*What you will do*
Copy each line of the entries that includes the word "such".

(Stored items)
******

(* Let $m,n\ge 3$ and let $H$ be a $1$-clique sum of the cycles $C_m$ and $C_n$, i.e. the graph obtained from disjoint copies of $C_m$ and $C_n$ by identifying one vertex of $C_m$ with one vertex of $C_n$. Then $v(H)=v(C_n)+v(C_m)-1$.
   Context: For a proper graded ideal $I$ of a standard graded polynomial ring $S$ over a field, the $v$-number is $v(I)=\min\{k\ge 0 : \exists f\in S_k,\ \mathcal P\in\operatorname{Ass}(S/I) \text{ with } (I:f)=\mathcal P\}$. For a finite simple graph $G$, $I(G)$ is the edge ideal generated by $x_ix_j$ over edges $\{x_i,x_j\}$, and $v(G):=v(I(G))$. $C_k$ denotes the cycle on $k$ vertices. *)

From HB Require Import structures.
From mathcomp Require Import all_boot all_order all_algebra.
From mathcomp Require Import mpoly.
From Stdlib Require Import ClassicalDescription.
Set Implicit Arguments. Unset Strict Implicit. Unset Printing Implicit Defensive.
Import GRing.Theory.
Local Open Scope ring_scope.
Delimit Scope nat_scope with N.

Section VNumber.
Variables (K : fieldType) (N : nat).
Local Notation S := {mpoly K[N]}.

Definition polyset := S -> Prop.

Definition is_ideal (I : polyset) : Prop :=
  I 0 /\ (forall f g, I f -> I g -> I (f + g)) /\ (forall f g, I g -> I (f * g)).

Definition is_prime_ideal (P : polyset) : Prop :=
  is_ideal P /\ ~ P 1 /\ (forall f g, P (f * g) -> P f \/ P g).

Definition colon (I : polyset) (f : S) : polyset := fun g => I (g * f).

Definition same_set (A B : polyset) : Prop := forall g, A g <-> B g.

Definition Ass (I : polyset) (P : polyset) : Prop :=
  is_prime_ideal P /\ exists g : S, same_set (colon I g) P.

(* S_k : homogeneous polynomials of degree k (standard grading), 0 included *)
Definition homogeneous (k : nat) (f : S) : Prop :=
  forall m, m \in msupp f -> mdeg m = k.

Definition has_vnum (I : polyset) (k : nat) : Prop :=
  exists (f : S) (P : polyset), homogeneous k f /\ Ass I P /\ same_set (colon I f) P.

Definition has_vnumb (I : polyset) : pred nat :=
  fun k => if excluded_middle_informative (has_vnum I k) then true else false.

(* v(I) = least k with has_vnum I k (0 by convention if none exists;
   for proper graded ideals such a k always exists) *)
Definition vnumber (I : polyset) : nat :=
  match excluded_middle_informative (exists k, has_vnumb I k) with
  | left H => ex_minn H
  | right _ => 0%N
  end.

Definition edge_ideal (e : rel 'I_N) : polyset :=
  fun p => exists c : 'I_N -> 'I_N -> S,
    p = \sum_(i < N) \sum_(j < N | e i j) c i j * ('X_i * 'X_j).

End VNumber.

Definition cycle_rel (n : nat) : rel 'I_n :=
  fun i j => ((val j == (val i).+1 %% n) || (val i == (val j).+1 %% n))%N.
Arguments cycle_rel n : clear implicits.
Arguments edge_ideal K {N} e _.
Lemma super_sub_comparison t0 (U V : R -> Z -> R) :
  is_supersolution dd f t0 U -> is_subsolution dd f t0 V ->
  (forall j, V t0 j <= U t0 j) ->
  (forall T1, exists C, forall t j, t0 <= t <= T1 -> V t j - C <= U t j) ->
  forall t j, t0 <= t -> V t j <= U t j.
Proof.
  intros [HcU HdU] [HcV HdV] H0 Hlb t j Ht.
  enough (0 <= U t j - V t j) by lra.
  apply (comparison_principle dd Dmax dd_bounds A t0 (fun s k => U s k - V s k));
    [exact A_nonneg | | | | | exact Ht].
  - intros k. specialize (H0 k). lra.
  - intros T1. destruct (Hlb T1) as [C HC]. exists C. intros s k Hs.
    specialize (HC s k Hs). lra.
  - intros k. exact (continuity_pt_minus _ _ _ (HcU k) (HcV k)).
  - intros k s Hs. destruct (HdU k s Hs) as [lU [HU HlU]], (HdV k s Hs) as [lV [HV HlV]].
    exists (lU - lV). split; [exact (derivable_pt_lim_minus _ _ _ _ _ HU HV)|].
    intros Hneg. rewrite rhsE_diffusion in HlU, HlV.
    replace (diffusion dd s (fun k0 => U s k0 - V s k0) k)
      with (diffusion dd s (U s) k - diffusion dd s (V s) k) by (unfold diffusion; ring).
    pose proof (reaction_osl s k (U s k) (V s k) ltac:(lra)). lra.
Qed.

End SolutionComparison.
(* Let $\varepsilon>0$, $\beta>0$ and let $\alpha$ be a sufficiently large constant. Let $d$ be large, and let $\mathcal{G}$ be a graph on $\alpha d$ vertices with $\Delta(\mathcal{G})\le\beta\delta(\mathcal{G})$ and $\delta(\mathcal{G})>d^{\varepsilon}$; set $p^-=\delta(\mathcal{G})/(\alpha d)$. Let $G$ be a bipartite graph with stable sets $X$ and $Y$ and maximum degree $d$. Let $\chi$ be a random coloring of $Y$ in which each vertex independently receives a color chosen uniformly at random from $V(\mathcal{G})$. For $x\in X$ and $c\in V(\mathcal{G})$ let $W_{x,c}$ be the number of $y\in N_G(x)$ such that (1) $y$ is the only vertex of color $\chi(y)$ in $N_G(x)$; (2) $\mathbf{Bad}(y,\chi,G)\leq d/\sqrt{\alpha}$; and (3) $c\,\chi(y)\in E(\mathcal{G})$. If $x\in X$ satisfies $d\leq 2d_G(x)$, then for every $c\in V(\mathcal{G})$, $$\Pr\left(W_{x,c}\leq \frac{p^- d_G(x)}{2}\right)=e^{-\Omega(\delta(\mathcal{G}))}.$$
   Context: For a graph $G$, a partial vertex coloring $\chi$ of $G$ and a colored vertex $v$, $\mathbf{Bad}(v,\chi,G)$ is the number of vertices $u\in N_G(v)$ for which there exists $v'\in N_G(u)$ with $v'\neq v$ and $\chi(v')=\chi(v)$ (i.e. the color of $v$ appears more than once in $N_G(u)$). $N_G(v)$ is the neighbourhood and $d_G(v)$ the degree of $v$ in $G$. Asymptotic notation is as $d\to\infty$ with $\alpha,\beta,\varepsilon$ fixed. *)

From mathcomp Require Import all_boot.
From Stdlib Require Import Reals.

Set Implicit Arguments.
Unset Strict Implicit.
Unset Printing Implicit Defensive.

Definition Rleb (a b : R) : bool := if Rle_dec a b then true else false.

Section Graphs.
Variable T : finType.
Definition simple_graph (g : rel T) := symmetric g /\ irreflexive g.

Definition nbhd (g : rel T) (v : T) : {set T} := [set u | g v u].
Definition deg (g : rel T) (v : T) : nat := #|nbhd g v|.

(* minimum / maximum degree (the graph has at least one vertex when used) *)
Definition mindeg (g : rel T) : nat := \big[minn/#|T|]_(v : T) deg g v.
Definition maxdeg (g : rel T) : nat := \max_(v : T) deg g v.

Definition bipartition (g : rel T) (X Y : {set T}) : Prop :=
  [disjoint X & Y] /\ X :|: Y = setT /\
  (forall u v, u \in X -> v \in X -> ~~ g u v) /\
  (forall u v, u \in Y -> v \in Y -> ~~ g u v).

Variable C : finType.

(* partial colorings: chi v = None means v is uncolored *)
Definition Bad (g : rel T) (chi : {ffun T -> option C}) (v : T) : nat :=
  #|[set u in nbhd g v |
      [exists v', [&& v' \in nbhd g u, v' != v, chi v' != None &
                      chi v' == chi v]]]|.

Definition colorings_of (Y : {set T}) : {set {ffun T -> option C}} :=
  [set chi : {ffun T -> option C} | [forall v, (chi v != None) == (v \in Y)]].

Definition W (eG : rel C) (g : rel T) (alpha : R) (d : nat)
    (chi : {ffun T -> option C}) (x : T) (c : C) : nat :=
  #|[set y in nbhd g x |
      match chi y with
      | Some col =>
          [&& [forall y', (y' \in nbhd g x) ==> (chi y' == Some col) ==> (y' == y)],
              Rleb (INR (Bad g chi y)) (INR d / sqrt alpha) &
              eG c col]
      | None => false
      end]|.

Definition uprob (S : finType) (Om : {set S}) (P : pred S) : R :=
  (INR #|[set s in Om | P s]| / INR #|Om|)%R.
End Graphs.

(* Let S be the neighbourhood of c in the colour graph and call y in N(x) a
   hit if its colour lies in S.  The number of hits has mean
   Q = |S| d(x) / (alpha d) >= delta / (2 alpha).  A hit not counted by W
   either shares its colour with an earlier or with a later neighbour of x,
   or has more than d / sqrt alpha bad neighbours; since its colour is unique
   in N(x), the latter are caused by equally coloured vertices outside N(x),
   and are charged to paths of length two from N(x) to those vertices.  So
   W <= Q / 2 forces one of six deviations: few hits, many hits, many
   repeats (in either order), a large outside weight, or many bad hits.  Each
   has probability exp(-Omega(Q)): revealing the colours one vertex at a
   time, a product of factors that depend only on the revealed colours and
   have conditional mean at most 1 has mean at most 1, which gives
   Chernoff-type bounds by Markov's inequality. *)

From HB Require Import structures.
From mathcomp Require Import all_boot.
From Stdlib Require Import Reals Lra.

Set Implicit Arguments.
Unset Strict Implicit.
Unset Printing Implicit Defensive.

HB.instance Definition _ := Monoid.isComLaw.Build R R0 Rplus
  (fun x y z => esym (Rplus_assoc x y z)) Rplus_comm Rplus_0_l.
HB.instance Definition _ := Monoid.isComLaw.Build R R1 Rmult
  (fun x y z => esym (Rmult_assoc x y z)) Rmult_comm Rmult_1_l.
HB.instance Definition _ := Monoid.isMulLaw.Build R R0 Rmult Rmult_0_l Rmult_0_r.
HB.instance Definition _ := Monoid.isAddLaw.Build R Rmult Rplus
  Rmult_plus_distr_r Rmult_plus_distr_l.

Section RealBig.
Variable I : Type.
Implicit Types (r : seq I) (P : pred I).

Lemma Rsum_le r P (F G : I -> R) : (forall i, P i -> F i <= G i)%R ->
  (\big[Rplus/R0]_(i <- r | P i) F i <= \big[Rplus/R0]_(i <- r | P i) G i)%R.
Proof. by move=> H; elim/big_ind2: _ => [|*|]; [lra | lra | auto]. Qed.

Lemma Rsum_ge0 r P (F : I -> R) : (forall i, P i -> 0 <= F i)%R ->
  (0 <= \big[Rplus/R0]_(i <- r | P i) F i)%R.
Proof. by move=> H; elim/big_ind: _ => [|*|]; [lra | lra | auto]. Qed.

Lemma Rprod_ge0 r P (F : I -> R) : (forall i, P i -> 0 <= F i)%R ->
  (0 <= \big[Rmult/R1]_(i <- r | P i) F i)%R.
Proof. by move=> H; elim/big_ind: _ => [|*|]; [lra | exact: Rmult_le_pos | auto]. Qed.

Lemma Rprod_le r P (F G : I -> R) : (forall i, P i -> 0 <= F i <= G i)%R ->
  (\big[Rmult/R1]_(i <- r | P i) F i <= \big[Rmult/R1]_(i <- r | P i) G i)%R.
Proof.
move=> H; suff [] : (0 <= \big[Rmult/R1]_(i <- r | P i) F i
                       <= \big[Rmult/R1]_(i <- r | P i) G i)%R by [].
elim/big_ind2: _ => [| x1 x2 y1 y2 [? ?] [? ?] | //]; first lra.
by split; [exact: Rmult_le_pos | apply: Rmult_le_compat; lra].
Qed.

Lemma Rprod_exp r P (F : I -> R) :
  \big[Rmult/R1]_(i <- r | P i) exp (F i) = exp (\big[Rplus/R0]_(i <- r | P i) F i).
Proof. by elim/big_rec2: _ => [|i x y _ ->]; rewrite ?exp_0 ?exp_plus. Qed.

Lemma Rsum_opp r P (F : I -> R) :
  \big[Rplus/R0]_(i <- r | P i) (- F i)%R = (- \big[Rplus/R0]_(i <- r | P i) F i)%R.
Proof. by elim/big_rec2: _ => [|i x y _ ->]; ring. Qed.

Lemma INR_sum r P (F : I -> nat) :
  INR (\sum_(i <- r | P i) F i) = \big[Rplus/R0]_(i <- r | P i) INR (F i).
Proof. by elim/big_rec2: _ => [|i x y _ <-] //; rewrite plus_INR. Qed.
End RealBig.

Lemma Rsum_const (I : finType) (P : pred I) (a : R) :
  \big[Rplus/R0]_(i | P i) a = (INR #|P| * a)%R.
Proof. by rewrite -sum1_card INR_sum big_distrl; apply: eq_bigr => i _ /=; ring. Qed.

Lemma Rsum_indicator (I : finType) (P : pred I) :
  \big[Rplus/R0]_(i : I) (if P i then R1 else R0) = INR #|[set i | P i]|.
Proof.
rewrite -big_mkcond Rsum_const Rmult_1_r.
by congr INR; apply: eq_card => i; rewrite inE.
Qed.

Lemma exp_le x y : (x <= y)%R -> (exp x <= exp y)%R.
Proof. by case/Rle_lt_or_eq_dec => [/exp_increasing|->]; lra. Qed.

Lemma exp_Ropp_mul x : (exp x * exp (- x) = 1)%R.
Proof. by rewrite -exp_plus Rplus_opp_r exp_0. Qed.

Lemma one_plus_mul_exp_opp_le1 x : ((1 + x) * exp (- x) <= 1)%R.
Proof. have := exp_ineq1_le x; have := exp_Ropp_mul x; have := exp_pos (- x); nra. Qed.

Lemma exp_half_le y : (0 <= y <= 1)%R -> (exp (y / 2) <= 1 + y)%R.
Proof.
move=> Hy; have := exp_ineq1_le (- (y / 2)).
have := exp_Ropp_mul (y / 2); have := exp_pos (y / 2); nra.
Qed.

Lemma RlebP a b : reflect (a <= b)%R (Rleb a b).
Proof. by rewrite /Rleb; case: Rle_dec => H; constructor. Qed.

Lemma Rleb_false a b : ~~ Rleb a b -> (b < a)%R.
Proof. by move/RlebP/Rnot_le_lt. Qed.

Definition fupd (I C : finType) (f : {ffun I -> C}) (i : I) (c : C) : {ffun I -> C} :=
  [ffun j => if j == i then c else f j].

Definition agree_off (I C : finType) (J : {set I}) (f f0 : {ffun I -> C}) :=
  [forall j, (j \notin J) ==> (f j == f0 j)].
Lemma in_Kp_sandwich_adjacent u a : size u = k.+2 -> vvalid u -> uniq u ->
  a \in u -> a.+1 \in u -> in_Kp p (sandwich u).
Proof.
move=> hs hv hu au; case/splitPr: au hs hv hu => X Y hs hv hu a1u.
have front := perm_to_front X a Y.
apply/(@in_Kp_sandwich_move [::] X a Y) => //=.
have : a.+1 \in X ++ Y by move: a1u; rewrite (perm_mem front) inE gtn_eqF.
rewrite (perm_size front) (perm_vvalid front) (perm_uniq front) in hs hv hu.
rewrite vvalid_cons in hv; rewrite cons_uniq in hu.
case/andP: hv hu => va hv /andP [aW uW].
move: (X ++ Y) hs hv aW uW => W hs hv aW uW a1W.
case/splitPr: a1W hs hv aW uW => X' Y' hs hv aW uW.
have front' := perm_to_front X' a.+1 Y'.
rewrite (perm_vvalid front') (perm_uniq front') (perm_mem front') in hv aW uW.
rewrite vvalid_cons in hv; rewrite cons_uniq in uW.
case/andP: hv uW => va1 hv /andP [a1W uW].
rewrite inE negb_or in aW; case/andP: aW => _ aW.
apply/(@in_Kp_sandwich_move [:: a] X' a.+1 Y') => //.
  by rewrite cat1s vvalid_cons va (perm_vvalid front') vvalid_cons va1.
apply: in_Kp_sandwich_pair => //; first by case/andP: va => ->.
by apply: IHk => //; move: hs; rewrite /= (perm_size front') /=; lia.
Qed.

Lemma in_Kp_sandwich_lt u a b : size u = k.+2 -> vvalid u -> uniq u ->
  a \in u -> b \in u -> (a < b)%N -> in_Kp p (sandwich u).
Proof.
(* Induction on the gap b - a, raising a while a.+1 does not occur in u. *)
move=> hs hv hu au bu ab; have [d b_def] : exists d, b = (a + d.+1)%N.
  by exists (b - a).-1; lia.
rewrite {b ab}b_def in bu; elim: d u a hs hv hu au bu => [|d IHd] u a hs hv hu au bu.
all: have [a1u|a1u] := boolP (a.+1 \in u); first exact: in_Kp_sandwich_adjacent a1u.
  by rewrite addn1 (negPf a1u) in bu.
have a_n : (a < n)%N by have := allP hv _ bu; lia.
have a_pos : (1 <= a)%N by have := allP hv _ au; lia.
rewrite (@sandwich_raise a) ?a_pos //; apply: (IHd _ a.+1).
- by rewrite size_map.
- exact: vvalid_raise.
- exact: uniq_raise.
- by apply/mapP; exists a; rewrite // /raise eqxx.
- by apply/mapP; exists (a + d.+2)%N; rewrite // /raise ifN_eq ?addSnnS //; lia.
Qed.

******

*Exercise response*
   for proper graded ideals such a k always exists) *)
(* Let $\varepsilon>0$, $\beta>0$ and let $\alpha$ be a sufficiently large constant. Let $d$ be large, and let $\mathcal{G}$ be a graph on $\alpha d$ vertices with $\Delta(\mathcal{G})\le\beta\delta(\mathcal{G})$ and $\delta(\mathcal{G})>d^{\varepsilon}$; set $p^-=\delta(\mathcal{G})/(\alpha d)$. Let $G$ be a bipartite graph with stable sets $X$ and $Y$ and maximum degree $d$. Let $\chi$ be a random coloring of $Y$ in which each vertex independently receives a color chosen uniformly at random from $V(\mathcal{G})$. For $x\in X$ and $c\in V(\mathcal{G})$ let $W_{x,c}$ be the number of $y\in N_G(x)$ such that (1) $y$ is the only vertex of color $\chi(y)$ in $N_G(x)$; (2) $\mathbf{Bad}(y,\chi,G)\leq d/\sqrt{\alpha}$; and (3) $c\,\chi(y)\in E(\mathcal{G})$. If $x\in X$ satisfies $d\leq 2d_G(x)$, then for every $c\in V(\mathcal{G})$, $$\Pr\left(W_{x,c}\leq \frac{p^- d_G(x)}{2}\right)=e^{-\Omega(\delta(\mathcal{G}))}.$$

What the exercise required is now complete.